Your answer must be every line of the data that contains "Htrue".

=== Information supplied ===

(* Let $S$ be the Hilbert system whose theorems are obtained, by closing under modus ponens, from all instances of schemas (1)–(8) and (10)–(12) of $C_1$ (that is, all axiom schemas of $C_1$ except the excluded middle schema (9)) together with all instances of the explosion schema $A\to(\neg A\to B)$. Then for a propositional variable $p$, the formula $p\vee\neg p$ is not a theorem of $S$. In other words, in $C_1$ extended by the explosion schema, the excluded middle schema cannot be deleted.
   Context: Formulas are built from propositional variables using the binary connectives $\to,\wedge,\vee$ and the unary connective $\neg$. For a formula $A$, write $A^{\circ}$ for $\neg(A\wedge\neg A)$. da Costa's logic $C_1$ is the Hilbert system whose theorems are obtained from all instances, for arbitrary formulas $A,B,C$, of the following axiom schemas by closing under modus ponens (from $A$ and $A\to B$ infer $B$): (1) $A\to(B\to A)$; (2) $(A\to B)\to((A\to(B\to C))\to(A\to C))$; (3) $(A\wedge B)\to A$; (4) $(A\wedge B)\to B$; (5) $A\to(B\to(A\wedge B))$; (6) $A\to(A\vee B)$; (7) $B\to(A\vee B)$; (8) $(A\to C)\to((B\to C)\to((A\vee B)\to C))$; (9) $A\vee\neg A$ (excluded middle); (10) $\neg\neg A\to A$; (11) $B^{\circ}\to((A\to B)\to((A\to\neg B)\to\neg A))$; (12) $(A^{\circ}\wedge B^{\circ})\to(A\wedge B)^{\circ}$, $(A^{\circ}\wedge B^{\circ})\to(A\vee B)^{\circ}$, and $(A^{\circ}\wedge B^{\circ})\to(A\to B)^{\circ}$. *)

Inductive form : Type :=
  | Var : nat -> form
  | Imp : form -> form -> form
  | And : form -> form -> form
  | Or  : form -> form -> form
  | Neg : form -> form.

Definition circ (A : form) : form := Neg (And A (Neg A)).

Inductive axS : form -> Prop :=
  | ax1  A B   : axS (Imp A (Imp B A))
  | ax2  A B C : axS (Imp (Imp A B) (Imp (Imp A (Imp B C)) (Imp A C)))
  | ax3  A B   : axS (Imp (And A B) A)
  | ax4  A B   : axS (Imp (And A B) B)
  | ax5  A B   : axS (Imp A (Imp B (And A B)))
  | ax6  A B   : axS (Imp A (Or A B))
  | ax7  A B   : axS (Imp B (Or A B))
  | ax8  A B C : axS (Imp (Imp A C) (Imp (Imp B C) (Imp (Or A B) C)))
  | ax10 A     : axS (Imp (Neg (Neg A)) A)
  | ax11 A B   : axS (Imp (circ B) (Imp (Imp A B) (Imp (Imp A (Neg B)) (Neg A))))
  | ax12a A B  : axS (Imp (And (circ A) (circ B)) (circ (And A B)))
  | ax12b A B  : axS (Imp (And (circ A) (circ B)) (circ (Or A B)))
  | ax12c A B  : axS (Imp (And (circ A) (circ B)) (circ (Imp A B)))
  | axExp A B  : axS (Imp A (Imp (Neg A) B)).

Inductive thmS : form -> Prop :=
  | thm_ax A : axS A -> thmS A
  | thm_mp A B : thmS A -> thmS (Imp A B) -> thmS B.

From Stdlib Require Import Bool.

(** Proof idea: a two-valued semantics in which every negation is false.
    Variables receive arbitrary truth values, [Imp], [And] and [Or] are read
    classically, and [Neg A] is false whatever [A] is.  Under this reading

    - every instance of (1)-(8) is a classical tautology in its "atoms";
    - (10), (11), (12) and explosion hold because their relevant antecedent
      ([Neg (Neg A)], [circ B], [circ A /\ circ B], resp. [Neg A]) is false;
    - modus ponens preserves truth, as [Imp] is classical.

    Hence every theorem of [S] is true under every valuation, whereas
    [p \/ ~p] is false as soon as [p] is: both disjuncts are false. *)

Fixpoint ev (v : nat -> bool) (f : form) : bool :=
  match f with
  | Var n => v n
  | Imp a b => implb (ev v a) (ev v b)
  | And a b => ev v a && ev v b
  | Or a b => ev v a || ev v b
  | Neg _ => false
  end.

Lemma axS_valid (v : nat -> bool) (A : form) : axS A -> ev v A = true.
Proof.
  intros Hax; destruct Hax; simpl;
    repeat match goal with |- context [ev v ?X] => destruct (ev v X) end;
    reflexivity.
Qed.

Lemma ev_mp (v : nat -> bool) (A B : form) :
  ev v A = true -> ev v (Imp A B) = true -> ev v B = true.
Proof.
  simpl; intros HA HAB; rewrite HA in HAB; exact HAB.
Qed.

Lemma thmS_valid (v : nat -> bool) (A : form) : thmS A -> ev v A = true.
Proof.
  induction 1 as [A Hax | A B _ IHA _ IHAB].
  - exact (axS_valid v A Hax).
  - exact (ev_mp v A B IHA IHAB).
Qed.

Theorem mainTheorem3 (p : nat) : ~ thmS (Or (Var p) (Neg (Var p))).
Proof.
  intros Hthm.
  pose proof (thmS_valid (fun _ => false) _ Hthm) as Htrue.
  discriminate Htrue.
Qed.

===

Exercise solution.
  pose proof (thmS_valid (fun _ => false) _ Hthm) as Htrue.
  discriminate Htrue.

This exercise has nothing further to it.